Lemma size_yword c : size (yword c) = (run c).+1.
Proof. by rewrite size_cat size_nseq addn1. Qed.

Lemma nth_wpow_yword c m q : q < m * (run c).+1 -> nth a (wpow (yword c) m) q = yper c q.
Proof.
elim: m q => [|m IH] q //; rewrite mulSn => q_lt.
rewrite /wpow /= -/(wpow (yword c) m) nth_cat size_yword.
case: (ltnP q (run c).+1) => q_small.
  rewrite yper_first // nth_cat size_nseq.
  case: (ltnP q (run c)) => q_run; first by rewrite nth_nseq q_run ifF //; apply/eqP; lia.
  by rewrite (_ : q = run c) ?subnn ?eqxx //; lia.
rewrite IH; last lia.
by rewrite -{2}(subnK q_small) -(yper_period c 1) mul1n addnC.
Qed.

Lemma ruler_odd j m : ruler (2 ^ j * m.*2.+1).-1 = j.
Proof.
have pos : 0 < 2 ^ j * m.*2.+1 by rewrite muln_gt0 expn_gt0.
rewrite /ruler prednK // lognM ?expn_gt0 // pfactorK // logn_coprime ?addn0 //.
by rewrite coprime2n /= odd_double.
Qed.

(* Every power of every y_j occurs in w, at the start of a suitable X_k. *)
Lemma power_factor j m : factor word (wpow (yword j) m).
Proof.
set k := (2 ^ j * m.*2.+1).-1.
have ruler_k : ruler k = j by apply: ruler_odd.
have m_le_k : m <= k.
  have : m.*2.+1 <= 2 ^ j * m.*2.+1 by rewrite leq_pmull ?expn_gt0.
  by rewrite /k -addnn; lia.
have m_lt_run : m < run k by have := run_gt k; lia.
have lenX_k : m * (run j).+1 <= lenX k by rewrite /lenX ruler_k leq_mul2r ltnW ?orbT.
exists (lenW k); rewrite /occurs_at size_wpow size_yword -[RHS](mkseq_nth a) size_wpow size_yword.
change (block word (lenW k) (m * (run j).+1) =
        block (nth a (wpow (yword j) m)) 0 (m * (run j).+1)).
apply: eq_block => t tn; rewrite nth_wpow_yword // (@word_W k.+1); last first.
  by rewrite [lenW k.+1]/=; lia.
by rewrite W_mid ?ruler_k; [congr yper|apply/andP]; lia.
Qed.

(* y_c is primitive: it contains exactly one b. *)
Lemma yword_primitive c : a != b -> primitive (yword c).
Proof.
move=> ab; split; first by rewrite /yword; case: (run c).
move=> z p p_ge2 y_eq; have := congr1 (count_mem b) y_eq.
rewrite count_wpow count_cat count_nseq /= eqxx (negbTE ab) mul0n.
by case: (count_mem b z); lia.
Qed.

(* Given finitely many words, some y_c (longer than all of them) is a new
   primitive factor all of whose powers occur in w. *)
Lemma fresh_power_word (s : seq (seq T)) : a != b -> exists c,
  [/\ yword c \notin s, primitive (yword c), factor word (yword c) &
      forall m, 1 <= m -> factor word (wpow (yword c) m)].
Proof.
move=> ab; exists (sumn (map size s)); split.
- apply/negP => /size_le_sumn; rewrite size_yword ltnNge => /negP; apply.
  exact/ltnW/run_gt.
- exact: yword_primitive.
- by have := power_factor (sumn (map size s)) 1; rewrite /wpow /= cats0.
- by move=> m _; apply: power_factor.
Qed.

* * *

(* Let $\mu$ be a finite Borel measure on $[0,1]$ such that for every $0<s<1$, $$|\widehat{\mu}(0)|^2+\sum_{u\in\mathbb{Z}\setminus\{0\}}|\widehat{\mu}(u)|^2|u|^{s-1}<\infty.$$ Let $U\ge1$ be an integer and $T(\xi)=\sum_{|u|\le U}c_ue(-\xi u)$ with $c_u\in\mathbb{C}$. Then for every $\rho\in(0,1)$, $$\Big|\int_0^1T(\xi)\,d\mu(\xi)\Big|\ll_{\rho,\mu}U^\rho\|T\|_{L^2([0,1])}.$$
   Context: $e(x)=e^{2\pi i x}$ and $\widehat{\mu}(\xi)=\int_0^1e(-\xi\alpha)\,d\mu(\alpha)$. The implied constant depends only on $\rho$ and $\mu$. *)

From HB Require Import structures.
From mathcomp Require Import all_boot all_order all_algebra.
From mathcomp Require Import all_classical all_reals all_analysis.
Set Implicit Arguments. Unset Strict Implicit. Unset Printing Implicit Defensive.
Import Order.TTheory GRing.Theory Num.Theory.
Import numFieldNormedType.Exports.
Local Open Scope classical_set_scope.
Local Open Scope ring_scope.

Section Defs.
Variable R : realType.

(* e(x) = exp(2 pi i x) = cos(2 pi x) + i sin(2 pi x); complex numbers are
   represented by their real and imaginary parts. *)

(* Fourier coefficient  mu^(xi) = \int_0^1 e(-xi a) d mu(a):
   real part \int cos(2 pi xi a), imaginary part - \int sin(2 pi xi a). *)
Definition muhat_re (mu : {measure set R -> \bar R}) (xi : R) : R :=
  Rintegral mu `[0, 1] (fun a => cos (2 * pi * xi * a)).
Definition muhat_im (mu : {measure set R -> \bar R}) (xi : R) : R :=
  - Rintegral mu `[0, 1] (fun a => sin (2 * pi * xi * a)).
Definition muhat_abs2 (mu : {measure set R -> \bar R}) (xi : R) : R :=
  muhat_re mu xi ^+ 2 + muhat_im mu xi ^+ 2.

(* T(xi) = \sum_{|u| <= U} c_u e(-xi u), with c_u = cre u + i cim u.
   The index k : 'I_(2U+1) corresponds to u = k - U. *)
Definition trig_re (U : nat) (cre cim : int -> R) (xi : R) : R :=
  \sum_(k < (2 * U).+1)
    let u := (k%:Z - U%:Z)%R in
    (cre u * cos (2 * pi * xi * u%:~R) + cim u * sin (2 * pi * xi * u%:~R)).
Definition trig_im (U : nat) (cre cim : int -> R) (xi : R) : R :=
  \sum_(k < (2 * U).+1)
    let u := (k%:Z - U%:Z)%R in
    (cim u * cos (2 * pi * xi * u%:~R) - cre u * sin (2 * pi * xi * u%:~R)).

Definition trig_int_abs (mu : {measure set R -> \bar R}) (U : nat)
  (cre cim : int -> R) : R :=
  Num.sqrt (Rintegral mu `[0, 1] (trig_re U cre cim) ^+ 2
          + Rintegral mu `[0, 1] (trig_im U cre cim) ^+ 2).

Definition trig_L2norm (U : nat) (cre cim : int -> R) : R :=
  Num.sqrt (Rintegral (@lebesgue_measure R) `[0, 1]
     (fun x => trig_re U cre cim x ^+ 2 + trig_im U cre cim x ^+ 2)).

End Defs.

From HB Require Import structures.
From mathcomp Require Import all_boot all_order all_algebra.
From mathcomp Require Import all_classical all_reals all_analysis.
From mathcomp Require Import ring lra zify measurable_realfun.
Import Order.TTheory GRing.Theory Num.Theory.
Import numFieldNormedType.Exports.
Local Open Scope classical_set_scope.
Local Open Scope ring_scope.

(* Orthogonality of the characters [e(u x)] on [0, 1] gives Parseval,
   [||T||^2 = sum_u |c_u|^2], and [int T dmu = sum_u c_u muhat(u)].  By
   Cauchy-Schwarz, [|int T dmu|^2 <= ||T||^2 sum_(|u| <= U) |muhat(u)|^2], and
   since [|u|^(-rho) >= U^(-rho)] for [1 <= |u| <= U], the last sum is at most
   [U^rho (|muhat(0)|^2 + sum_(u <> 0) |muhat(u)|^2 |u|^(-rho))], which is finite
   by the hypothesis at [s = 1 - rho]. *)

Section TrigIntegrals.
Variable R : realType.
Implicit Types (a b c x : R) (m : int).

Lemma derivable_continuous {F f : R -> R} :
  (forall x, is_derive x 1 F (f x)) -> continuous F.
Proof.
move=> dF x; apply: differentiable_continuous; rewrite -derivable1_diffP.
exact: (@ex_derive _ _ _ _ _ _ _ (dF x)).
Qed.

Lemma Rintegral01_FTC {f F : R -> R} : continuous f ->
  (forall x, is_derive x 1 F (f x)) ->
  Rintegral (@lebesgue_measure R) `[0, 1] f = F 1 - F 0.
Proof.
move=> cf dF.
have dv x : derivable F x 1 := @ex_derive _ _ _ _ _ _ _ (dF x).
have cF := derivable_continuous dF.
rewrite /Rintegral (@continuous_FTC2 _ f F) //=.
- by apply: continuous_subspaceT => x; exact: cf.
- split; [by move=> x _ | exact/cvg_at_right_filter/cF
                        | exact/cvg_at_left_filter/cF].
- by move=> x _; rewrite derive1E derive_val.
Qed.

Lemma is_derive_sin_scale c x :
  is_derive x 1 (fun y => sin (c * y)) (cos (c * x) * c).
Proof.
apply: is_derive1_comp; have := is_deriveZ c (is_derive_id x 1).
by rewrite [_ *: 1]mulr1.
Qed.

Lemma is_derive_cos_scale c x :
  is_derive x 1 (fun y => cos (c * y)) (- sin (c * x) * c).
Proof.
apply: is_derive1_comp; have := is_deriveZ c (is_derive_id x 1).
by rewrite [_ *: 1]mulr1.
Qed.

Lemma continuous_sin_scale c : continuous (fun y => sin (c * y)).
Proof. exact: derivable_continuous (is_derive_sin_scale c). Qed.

--

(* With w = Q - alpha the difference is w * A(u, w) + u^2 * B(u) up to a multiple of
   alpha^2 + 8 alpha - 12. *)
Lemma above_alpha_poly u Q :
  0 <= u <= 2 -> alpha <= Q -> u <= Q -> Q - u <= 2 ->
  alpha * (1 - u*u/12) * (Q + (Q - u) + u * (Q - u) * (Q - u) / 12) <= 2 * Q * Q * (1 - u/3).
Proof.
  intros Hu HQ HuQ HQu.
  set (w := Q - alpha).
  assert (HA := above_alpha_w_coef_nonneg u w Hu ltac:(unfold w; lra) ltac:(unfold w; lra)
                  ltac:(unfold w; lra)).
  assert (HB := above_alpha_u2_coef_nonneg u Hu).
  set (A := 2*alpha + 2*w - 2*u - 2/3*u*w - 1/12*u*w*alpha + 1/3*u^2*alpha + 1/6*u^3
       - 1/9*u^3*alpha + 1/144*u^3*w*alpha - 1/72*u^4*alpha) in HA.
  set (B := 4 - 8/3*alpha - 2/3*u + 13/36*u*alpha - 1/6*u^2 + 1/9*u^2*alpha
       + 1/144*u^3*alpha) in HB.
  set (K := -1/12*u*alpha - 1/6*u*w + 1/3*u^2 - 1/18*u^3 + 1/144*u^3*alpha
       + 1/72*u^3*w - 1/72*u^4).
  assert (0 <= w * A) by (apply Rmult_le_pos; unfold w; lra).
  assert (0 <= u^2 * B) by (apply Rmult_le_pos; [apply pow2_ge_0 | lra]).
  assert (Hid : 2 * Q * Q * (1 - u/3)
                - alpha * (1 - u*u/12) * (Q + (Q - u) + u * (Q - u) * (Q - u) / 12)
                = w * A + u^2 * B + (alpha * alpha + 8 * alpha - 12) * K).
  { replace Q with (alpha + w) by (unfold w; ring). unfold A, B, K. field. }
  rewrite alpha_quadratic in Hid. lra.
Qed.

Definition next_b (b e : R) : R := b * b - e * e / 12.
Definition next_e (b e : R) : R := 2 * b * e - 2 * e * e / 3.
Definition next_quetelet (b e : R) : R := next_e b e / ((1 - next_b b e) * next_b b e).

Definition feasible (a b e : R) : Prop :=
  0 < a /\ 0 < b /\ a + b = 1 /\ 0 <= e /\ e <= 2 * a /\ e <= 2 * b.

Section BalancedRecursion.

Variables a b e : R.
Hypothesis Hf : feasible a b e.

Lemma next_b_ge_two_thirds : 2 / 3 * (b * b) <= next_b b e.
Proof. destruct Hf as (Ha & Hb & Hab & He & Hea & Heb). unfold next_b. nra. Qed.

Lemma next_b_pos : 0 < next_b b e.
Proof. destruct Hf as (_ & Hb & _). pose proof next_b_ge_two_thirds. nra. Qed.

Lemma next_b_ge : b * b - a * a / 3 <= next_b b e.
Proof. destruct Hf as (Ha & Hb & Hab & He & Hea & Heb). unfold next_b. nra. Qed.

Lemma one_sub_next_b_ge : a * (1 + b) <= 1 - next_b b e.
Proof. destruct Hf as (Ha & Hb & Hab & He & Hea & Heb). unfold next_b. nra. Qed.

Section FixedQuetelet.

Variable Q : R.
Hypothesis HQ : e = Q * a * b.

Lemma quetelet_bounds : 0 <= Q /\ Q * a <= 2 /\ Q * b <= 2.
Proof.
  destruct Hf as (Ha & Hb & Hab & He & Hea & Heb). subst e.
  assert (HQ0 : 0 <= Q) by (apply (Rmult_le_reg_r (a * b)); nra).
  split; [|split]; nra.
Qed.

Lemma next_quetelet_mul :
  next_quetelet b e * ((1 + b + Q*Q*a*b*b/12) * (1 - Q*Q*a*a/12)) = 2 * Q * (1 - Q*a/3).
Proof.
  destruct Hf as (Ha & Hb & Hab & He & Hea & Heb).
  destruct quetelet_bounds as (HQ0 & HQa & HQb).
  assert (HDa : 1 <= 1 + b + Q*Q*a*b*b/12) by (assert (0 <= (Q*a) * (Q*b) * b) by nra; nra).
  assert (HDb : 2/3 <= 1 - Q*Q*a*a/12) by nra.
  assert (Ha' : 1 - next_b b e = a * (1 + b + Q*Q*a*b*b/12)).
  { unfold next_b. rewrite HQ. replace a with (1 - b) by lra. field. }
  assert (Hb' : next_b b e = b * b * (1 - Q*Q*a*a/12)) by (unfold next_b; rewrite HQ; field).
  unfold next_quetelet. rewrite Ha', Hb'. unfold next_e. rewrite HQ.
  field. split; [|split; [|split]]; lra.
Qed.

§ **REQUIRED WORK**
Everything from the line containing "move=> cf dF." through the line containing "Proof. exact: derivable_continuous" in the material above should be retyped exactly, both ends included, and nothing more.

§ **THE ANSWER**
move=> cf dF.
have dv x : derivable F x 1 := @ex_derive _ _ _ _ _ _ _ (dF x).
have cF := derivable_continuous dF.
rewrite /Rintegral (@continuous_FTC2 _ f F) //=.
- by apply: continuous_subspaceT => x; exact: cf.
- split; [by move=> x _ | exact/cvg_at_right_filter/cF
                        | exact/cvg_at_left_filter/cF].
- by move=> x _; rewrite derive1E derive_val.
Qed.

Lemma is_derive_sin_scale c x :
  is_derive x 1 (fun y => sin (c * y)) (cos (c * x) * c).
Proof.
apply: is_derive1_comp; have := is_deriveZ c (is_derive_id x 1).
by rewrite [_ *: 1]mulr1.
Qed.

Lemma is_derive_cos_scale c x :
  is_derive x 1 (fun y => cos (c * y)) (- sin (c * x) * c).
Proof.
apply: is_derive1_comp; have := is_deriveZ c (is_derive_id x 1).
by rewrite [_ *: 1]mulr1.
Qed.

Lemma continuous_sin_scale c : continuous (fun y => sin (c * y)).
Proof. exact: derivable_continuous (is_derive_sin_scale c). Qed.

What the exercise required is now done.